> _Exercise directions_
For the word "orbT", return each line of the data in which it occurs.

START Given records

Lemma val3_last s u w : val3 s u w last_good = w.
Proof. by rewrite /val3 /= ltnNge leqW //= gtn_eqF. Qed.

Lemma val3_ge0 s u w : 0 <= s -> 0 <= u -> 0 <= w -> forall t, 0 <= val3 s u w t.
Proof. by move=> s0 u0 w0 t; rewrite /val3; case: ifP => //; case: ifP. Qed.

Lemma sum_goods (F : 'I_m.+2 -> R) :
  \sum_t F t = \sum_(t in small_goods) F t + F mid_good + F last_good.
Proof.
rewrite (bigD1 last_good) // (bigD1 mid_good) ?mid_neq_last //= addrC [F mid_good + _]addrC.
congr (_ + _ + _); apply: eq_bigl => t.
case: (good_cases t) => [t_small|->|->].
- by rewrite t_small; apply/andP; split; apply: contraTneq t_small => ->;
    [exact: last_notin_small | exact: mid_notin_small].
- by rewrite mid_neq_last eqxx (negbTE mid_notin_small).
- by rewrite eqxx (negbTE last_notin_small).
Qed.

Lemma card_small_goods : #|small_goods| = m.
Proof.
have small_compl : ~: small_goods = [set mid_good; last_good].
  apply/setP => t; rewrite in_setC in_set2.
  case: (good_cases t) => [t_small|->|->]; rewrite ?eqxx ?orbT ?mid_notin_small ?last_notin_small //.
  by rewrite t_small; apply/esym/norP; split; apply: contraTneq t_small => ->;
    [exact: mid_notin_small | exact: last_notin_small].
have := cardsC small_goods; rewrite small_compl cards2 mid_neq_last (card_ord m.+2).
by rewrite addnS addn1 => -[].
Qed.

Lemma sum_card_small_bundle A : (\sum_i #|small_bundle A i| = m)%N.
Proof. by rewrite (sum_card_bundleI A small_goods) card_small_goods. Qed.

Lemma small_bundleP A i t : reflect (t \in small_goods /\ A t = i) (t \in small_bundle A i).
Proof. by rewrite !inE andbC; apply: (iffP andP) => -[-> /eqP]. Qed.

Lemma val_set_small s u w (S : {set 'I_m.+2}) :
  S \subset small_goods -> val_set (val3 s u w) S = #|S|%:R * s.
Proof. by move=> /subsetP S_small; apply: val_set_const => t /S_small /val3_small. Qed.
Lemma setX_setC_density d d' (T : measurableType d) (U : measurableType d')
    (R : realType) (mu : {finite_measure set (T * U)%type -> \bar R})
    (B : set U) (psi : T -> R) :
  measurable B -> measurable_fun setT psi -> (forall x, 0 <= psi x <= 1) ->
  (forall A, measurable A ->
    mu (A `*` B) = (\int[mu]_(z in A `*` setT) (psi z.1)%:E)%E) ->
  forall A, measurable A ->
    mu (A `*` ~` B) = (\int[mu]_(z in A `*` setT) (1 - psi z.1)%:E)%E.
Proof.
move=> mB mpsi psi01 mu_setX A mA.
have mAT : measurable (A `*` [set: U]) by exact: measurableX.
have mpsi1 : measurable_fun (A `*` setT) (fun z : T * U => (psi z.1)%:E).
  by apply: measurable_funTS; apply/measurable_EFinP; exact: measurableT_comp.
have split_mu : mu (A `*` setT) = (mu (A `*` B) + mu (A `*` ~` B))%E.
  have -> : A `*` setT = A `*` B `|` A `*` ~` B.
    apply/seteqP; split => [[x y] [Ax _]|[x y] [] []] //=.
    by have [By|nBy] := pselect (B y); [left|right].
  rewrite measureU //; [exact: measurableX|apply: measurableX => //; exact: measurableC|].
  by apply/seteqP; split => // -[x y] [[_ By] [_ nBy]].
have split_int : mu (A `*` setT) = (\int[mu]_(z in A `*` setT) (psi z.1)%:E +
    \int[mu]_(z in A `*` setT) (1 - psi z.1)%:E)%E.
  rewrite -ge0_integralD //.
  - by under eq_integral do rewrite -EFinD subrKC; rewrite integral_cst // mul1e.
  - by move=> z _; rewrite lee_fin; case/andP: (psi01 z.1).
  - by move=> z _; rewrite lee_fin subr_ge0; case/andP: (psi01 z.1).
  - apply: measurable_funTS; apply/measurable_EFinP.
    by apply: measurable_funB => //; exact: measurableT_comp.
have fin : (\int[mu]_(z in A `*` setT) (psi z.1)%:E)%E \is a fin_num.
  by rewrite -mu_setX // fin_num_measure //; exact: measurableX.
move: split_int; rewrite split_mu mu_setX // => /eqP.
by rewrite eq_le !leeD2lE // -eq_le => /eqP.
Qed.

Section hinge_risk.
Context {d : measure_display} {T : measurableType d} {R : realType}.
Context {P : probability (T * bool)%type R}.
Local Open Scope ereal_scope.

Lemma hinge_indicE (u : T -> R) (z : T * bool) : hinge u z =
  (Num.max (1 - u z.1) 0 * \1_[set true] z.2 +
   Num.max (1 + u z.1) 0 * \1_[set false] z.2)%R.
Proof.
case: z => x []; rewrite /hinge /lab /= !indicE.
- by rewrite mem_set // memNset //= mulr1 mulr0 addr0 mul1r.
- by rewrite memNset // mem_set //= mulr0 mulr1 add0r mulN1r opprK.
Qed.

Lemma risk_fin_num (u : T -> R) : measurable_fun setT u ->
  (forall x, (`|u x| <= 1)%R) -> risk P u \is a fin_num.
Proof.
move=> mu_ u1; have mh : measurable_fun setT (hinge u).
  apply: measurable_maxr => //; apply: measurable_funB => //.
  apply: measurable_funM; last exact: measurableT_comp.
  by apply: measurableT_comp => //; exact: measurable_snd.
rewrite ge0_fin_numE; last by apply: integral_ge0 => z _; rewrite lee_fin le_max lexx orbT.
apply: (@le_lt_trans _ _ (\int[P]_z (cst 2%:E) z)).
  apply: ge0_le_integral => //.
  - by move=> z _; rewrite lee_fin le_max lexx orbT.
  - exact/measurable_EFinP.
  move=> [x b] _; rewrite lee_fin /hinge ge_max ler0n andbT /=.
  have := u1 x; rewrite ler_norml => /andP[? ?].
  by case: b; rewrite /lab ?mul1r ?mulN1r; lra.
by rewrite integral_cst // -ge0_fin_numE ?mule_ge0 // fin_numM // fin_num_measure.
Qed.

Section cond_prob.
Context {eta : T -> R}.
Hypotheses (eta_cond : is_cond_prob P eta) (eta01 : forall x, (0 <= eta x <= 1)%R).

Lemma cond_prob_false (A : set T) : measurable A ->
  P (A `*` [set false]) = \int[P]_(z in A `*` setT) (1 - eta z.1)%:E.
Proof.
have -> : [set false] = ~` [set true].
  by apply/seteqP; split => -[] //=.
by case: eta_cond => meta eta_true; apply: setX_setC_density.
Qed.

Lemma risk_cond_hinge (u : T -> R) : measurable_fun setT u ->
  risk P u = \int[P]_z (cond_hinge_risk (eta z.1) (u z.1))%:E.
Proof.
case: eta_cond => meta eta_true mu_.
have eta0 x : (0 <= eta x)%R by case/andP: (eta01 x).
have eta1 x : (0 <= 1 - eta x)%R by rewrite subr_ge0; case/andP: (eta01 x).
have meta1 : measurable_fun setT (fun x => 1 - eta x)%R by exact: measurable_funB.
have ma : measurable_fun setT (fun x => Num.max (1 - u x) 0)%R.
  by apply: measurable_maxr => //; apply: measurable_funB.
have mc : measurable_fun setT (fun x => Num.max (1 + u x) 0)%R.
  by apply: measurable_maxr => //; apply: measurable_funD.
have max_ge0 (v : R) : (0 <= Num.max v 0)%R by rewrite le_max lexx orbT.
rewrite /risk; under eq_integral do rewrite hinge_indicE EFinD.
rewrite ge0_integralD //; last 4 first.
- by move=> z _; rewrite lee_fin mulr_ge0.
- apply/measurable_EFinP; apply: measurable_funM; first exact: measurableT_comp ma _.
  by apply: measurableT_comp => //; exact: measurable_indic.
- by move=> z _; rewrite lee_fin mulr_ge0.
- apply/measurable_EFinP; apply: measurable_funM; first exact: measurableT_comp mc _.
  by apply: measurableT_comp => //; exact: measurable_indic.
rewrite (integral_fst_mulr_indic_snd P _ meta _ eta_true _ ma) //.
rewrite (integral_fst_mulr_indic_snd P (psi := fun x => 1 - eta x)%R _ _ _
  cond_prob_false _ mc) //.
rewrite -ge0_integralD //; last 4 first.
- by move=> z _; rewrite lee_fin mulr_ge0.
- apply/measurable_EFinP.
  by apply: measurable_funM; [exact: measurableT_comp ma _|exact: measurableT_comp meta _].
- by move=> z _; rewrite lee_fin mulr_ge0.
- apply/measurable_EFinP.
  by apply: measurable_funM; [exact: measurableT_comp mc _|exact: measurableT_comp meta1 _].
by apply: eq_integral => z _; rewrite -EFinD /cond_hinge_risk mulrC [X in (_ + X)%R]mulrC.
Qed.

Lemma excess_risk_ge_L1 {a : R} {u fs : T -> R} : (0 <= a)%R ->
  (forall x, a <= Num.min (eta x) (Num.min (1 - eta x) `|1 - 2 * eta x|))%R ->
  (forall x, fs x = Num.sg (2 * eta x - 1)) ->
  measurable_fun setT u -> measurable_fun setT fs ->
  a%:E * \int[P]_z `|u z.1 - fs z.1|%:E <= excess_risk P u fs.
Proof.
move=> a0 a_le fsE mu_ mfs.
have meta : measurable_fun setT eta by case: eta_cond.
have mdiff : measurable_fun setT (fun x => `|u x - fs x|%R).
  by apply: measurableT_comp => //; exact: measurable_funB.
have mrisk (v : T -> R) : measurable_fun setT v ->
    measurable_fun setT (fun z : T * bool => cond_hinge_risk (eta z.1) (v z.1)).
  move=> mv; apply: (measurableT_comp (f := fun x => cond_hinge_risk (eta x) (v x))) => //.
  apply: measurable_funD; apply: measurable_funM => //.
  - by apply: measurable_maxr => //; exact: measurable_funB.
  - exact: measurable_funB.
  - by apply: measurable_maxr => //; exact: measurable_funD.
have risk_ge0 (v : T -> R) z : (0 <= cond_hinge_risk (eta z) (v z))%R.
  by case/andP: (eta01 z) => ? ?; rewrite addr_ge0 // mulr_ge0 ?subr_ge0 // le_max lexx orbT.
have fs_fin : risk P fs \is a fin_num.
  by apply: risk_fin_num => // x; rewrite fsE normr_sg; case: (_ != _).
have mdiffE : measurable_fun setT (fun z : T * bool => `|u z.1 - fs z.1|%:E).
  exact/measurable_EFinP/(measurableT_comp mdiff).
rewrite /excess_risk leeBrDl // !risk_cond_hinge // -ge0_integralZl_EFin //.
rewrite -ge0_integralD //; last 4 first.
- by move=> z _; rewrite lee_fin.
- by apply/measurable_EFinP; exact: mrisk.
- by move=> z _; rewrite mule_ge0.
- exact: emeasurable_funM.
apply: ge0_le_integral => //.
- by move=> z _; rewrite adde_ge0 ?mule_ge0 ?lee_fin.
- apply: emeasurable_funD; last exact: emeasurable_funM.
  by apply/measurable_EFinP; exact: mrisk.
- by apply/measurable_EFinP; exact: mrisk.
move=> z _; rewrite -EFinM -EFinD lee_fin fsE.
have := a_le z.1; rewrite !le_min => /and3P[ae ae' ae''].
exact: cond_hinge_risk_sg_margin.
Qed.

END Given records

> _Response to the task_
  case: (good_cases t) => [t_small|->|->]; rewrite ?eqxx ?orbT ?mid_notin_small ?last_notin_small //.
rewrite ge0_fin_numE; last by apply: integral_ge0 => z _; rewrite lee_fin le_max lexx orbT.
  - by move=> z _; rewrite lee_fin le_max lexx orbT.
have max_ge0 (v : R) : (0 <= Num.max v 0)%R by rewrite le_max lexx orbT.
  by case/andP: (eta01 z) => ? ?; rewrite addr_ge0 // mulr_ge0 ?subr_ge0 // le_max lexx orbT.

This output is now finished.